Assignment: Scan the records below for the word "Require" and give only the number of lines that hold it.
※ ※ ※
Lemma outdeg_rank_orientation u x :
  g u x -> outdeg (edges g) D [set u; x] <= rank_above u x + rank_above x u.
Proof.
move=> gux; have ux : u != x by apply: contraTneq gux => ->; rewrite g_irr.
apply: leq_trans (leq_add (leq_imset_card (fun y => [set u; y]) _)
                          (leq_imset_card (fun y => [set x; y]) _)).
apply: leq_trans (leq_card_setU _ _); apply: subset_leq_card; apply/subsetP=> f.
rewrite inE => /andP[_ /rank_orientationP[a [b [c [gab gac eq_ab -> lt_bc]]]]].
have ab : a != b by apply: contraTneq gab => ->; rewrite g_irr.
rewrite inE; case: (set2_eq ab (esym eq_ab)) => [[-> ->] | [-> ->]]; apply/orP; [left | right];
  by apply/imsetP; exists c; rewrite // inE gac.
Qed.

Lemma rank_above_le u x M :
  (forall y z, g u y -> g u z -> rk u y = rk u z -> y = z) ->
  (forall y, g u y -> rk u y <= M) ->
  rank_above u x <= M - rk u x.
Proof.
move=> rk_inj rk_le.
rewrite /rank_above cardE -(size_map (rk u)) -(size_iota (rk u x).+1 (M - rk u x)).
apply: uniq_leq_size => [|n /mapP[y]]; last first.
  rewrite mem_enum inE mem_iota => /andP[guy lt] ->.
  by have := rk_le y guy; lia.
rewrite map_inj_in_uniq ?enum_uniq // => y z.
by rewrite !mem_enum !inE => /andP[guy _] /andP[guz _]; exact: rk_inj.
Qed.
※ ※ ※
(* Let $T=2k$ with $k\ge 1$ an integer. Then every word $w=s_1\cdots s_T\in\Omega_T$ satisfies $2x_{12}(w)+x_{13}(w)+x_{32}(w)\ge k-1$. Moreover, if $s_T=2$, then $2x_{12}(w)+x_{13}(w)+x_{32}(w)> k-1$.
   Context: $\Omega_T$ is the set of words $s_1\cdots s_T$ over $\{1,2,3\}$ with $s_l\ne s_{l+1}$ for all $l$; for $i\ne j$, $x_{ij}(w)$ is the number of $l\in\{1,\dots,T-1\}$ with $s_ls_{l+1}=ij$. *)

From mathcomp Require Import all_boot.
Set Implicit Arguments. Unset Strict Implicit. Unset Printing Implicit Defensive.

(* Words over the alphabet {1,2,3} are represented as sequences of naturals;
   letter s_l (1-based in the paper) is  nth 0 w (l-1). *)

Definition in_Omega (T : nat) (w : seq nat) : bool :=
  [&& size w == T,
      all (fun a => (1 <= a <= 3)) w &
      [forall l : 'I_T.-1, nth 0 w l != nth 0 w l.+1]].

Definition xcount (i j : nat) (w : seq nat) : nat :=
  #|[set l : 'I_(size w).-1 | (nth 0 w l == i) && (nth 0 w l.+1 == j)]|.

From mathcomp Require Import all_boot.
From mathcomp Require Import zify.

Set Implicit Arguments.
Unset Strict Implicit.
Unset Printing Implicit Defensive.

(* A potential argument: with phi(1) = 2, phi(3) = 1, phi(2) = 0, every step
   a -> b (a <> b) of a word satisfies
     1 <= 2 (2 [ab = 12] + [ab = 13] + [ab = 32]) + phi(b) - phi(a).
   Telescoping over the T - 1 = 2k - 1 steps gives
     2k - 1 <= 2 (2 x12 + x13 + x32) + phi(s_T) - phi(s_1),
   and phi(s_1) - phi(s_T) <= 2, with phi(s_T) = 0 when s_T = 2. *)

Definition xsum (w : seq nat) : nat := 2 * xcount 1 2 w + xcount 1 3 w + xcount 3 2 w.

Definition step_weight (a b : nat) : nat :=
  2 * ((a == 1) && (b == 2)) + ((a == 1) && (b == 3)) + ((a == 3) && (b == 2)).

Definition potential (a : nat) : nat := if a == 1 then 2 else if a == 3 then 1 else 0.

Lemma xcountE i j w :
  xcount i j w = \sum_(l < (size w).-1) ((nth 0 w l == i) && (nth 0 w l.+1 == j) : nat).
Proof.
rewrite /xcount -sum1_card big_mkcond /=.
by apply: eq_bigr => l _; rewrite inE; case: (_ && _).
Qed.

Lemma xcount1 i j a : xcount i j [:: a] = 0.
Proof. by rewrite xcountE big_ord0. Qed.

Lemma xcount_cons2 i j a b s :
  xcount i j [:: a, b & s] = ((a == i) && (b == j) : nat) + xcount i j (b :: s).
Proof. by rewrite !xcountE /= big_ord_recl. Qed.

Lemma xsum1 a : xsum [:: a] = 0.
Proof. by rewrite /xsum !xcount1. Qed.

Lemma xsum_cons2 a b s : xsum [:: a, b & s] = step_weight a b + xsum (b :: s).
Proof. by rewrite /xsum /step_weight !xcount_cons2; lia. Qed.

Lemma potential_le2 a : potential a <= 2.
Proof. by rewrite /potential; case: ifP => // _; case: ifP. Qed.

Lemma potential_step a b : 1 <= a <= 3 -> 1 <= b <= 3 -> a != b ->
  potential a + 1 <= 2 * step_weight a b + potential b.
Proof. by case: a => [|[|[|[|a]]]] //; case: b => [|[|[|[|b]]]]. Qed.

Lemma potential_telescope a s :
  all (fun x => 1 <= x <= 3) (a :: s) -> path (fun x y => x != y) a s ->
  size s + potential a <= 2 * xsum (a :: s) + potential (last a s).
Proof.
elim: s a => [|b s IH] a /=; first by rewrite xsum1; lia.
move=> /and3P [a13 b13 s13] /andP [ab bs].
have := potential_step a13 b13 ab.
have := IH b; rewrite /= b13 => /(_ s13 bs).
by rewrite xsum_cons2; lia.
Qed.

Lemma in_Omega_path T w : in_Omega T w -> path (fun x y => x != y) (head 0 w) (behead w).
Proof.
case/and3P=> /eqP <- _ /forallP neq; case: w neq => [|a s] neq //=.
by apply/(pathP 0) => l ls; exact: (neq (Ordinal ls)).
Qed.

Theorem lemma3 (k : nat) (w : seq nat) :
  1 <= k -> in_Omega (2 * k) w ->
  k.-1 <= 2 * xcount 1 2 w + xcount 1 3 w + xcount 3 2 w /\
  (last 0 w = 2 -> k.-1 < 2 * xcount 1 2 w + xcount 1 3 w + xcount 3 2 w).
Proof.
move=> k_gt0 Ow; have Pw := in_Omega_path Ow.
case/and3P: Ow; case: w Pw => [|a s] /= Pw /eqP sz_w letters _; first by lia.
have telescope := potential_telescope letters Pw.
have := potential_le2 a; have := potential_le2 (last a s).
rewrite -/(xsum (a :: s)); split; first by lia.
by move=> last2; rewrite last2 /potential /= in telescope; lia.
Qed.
※ ※ ※
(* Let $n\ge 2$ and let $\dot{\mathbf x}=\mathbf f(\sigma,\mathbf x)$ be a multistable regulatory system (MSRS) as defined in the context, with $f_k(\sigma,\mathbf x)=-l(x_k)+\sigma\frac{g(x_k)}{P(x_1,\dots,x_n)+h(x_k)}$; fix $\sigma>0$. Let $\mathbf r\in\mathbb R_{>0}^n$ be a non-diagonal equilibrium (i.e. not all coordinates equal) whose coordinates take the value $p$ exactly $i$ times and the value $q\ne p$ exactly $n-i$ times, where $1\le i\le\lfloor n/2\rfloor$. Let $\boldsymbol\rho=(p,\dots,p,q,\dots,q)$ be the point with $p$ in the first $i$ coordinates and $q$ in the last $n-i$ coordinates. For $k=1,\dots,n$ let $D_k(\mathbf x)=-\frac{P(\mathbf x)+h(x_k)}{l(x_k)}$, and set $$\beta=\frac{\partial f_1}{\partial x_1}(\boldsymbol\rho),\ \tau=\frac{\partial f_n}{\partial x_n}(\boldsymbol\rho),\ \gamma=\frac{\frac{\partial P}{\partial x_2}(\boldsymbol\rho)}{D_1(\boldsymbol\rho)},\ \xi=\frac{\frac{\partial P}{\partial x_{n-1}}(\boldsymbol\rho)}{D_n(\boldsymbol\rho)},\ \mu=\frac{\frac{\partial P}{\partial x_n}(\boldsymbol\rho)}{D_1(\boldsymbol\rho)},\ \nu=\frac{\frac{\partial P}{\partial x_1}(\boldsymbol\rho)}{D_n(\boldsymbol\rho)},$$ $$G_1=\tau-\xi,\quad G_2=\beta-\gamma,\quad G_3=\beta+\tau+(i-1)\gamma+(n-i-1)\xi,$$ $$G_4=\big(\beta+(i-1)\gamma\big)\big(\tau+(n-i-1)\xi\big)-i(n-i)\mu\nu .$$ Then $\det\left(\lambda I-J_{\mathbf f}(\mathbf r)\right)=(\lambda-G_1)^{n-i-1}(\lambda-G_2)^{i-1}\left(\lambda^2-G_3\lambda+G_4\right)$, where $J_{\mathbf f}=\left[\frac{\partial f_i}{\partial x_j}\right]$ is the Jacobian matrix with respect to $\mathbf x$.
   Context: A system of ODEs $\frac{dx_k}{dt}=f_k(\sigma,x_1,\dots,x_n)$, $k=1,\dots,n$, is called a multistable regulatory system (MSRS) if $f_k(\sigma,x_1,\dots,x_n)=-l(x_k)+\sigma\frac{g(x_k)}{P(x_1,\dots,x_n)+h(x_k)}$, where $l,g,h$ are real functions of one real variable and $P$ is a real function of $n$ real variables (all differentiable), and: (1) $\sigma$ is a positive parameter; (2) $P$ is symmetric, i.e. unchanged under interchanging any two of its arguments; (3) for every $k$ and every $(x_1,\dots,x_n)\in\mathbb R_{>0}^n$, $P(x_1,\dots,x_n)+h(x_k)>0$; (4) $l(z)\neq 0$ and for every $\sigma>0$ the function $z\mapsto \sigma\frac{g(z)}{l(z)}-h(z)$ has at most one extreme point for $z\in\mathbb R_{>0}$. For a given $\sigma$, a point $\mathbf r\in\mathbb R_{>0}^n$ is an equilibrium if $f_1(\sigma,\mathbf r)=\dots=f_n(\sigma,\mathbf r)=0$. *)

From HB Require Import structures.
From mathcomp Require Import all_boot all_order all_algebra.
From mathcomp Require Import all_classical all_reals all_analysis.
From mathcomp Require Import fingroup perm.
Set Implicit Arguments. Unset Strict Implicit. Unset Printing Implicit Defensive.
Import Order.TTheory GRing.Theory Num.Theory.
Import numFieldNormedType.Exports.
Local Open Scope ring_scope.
※ ※ ※
Written answer: 7